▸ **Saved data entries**
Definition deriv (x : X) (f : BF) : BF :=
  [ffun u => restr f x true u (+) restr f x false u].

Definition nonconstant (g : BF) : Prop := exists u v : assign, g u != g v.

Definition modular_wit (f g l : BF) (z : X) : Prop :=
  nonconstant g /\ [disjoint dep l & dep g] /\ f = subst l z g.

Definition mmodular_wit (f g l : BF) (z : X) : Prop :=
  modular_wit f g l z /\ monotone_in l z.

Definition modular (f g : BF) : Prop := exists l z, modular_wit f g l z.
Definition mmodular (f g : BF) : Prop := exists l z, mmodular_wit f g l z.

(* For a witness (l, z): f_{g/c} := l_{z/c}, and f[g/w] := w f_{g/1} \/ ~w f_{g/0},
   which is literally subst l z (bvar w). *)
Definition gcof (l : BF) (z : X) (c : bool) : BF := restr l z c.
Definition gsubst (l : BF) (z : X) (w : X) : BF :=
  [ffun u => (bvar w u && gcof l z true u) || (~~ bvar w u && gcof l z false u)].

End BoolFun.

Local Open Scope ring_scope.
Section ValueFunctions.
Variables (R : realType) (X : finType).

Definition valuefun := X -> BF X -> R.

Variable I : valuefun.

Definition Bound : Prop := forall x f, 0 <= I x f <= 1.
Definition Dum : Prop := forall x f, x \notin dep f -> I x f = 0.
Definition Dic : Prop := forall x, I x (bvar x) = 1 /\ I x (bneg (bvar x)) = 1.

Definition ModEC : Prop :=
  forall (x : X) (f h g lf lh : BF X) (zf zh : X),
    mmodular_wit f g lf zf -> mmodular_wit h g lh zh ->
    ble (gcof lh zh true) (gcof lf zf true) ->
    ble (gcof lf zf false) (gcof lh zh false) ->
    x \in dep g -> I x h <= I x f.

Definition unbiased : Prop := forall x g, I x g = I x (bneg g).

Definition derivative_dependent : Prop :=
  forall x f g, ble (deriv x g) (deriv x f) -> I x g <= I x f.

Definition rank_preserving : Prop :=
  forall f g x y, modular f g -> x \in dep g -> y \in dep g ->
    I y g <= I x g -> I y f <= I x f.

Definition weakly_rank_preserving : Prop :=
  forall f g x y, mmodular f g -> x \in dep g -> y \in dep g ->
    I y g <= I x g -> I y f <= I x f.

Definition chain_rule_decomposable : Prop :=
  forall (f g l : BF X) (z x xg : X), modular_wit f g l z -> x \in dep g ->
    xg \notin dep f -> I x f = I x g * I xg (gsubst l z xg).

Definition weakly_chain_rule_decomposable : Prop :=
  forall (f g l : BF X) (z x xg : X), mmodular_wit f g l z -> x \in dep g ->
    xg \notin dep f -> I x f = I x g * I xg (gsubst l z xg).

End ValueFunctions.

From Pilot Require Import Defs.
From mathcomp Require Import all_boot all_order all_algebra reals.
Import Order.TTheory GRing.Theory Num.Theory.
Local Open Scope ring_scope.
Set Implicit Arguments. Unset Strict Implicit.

--

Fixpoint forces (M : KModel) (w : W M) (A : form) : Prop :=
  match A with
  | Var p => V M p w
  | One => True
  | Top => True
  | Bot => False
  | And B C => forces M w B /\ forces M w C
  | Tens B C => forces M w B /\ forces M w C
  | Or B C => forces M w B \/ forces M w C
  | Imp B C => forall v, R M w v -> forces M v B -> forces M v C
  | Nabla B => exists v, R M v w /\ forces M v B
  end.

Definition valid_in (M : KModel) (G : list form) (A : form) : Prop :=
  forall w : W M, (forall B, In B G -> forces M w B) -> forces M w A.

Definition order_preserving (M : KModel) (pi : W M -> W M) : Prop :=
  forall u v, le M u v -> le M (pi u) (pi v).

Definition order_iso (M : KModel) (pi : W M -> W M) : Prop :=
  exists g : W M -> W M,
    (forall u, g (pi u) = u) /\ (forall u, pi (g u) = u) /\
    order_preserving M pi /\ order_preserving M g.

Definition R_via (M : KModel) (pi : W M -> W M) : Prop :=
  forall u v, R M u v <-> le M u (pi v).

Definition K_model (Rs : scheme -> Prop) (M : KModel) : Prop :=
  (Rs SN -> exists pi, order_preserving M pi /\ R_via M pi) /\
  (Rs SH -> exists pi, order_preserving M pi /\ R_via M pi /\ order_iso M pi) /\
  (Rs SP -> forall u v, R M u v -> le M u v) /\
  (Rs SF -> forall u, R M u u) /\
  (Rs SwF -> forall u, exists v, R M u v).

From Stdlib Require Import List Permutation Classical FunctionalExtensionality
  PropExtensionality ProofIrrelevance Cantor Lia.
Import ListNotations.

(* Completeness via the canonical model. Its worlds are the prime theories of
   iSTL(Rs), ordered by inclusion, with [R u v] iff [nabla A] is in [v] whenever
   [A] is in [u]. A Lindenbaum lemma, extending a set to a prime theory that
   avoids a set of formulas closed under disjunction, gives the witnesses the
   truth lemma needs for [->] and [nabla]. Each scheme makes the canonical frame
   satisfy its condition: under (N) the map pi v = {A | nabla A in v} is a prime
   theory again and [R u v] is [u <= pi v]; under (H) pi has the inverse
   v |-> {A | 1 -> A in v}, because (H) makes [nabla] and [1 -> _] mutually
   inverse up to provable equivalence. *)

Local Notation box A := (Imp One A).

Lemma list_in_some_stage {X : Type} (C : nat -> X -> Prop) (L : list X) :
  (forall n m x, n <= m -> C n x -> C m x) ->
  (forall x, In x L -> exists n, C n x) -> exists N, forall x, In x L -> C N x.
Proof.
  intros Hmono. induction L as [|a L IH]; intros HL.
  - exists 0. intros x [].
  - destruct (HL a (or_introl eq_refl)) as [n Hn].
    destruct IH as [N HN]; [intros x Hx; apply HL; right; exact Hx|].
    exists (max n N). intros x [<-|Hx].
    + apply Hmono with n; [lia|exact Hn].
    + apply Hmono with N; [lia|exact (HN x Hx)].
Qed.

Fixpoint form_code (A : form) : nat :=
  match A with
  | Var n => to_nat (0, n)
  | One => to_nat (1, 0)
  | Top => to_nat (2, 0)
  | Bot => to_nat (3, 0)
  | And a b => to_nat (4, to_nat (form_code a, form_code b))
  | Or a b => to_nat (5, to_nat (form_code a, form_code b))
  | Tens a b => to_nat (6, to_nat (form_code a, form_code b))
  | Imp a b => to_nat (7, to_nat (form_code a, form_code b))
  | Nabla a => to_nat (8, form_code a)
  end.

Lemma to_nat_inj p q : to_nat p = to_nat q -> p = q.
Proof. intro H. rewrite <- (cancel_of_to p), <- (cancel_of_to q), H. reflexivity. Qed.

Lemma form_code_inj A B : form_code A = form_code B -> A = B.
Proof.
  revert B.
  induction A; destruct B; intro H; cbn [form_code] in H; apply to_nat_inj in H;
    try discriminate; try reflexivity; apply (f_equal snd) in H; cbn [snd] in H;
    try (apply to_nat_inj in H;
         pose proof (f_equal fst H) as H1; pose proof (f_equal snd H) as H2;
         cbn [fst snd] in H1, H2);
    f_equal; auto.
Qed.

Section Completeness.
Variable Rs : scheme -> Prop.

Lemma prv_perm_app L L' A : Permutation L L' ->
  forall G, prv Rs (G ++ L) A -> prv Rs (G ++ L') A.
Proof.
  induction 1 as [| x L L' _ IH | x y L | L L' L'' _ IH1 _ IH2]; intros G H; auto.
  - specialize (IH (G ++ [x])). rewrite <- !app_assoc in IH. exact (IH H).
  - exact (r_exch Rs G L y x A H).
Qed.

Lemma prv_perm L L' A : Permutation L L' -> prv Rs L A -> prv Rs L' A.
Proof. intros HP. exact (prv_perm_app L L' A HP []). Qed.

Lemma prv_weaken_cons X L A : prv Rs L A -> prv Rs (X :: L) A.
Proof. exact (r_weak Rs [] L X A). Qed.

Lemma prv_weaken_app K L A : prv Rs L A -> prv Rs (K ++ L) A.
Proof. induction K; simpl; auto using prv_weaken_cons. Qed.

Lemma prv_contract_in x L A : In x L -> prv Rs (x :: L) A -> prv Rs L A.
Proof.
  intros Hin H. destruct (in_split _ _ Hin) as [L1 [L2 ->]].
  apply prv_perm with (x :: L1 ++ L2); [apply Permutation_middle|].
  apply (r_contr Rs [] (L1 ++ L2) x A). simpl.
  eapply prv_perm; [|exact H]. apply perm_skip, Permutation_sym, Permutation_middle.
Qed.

▸ **Problem to solve**
Look above for the line with "Definition deriv (x" and the line with "End ValueFunctions.", and reproduce exactly those two lines plus every line between, nothing more.

▸ **Answer to the exercise**
Definition deriv (x : X) (f : BF) : BF :=
  [ffun u => restr f x true u (+) restr f x false u].

Definition nonconstant (g : BF) : Prop := exists u v : assign, g u != g v.

Definition modular_wit (f g l : BF) (z : X) : Prop :=
  nonconstant g /\ [disjoint dep l & dep g] /\ f = subst l z g.

Definition mmodular_wit (f g l : BF) (z : X) : Prop :=
  modular_wit f g l z /\ monotone_in l z.

Definition modular (f g : BF) : Prop := exists l z, modular_wit f g l z.
Definition mmodular (f g : BF) : Prop := exists l z, mmodular_wit f g l z.

(* For a witness (l, z): f_{g/c} := l_{z/c}, and f[g/w] := w f_{g/1} \/ ~w f_{g/0},
   which is literally subst l z (bvar w). *)
Definition gcof (l : BF) (z : X) (c : bool) : BF := restr l z c.
Definition gsubst (l : BF) (z : X) (w : X) : BF :=
  [ffun u => (bvar w u && gcof l z true u) || (~~ bvar w u && gcof l z false u)].

End BoolFun.

Local Open Scope ring_scope.
Section ValueFunctions.
Variables (R : realType) (X : finType).

Definition valuefun := X -> BF X -> R.

Variable I : valuefun.

Definition Bound : Prop := forall x f, 0 <= I x f <= 1.
Definition Dum : Prop := forall x f, x \notin dep f -> I x f = 0.
Definition Dic : Prop := forall x, I x (bvar x) = 1 /\ I x (bneg (bvar x)) = 1.

Definition ModEC : Prop :=
  forall (x : X) (f h g lf lh : BF X) (zf zh : X),
    mmodular_wit f g lf zf -> mmodular_wit h g lh zh ->
    ble (gcof lh zh true) (gcof lf zf true) ->
    ble (gcof lf zf false) (gcof lh zh false) ->
    x \in dep g -> I x h <= I x f.

Definition unbiased : Prop := forall x g, I x g = I x (bneg g).

Definition derivative_dependent : Prop :=
  forall x f g, ble (deriv x g) (deriv x f) -> I x g <= I x f.

Definition rank_preserving : Prop :=
  forall f g x y, modular f g -> x \in dep g -> y \in dep g ->
    I y g <= I x g -> I y f <= I x f.

Definition weakly_rank_preserving : Prop :=
  forall f g x y, mmodular f g -> x \in dep g -> y \in dep g ->
    I y g <= I x g -> I y f <= I x f.

Definition chain_rule_decomposable : Prop :=
  forall (f g l : BF X) (z x xg : X), modular_wit f g l z -> x \in dep g ->
    xg \notin dep f -> I x f = I x g * I xg (gsubst l z xg).

Definition weakly_chain_rule_decomposable : Prop :=
  forall (f g l : BF X) (z x xg : X), mmodular_wit f g l z -> x \in dep g ->
    xg \notin dep f -> I x f = I x g * I xg (gsubst l z xg).

End ValueFunctions.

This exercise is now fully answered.